TASK PROMPT —
An acceptable answer repeats exactly the line with "Import GRing.Theory." and each line after it through the end of the entries, and includes nothing else.

------------------------------------------------------------

(* Let $E$ be a directed graph, let $R$ be a commutative ring with identity, and let $\{p_v, s_e, s_{e^*}\}$ be the universal generating Leavitt $E$-family in the Leavitt path algebra $L_R(E)$. Let $V\subset E^0$ and set \[ M:=\operatorname{span}_R\{s_{\mu}s_{\nu^*} :\mu,\nu\in E^*,\ r(\mu)\in V\},\qquad M^*:=\operatorname{span}_R\{s_{\mu}s_{\nu^*} :\mu,\nu\in E^*,\ r(\nu)\in V\}. \] Let $MM^*$ denote the $R$-span of all products $mn$ with $m\in M$, $n\in M^*$, and $M^*M$ the $R$-span of all products $nm$ with $n\in M^*$, $m\in M$ (products taken in $L_R(E)$). Then: (1) $MM^*$ is an $R$-subalgebra of $L_R(E)$; (2) $MM^*=\operatorname{span}_R\{s_\mu s_{\nu^*}:\mu,\nu\in E^*,\ r(\mu), r(\nu)\in V\}$, and $M^*M$ is a (two-sided) ideal of $L_R(E)$ containing $MM^*$; (3) with actions given by multiplication in $L_R(E)$, $M$ is an $MM^*$--$M^*M$-bimodule and $M^*$ is an $M^*M$--$MM^*$-bimodule; (4) there are bimodule homomorphisms $\Psi: M\otimes_{M^*M}M^*\to MM^*$ with $\Psi(m\otimes n)=mn$ and $\Phi: M^*\otimes_{MM^*}M\to M^*M$ with $\Phi(n\otimes m)=nm$ such that $(MM^*, M^*M, M, M^*, \Psi,\Phi)$ is a surjective Morita context; that is, $\Psi$ and $\Phi$ are surjective and $m\,\Phi(n\otimes m')=\Psi(m\otimes n)\,m'$ and $n\,\Psi(m\otimes n')=\Phi(n\otimes m)\,n'$ for all $m,m'\in M$, $n,n'\in M^*$.
   Context: A directed graph $E=(E^0,E^1,r,s)$ has countable vertex set $E^0$, countable edge set $E^1$ and range and source maps $r,s:E^1\to E^0$. A vertex $v$ is singular if $r^{-1}(v)$ is empty or infinite. A finite path is a finite sequence of edges $\mu=\mu_1\cdots\mu_n$ with $s(\mu_i)=r(\mu_{i+1})$; vertices are paths of length $0$; $E^*$ is the set of finite paths; $r(\mu)=r(\mu_1)$, $s(\mu)=s(\mu_n)$ (for a vertex $v$, $r(v)=s(v)=v$). For an $R$-algebra $A$, a Leavitt $E$-family in $A$ is a set $\{P_v,S_e,S_{e^*}: v\in E^0, e\in E^1\}\subset A$ with the $P_v$ mutually orthogonal idempotents and (L1) $P_{r(e)}S_e=S_e=S_eP_{s(e)}$, $P_{s(e)}S_{e^*}=S_{e^*}=S_{e^*}P_{r(e)}$; (L2) $S_{e^*}S_f=\delta_{e,f}P_{s(e)}$; (L3) $P_v=\sum_{r(e)=v}S_eS_{e^*}$ for every non-singular $v$. The Leavitt path algebra $L_R(E)$ is the universal $R$-algebra generated by a Leavitt $E$-family $\{p_v,s_e,s_{e^*}\}$. For $\mu=\mu_1\cdots\mu_n\in E^*$, $s_\mu=s_{\mu_1}\cdots s_{\mu_n}$ and $s_{\mu^*}=s_{\mu_n^*}\cdots s_{\mu_1^*}$, with $s_v=s_{v^*}=p_v$ for a vertex $v$. *)

From HB Require Import structures.
From mathcomp Require Import all_boot all_algebra.
Set Implicit Arguments. Unset Strict Implicit. Unset Printing Implicit Defensive.
Import GRing.Theory.
Local Open Scope ring_scope.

------------------------------------------------------------

YOUR SOLUTION —
Import GRing.Theory.
Local Open Scope ring_scope.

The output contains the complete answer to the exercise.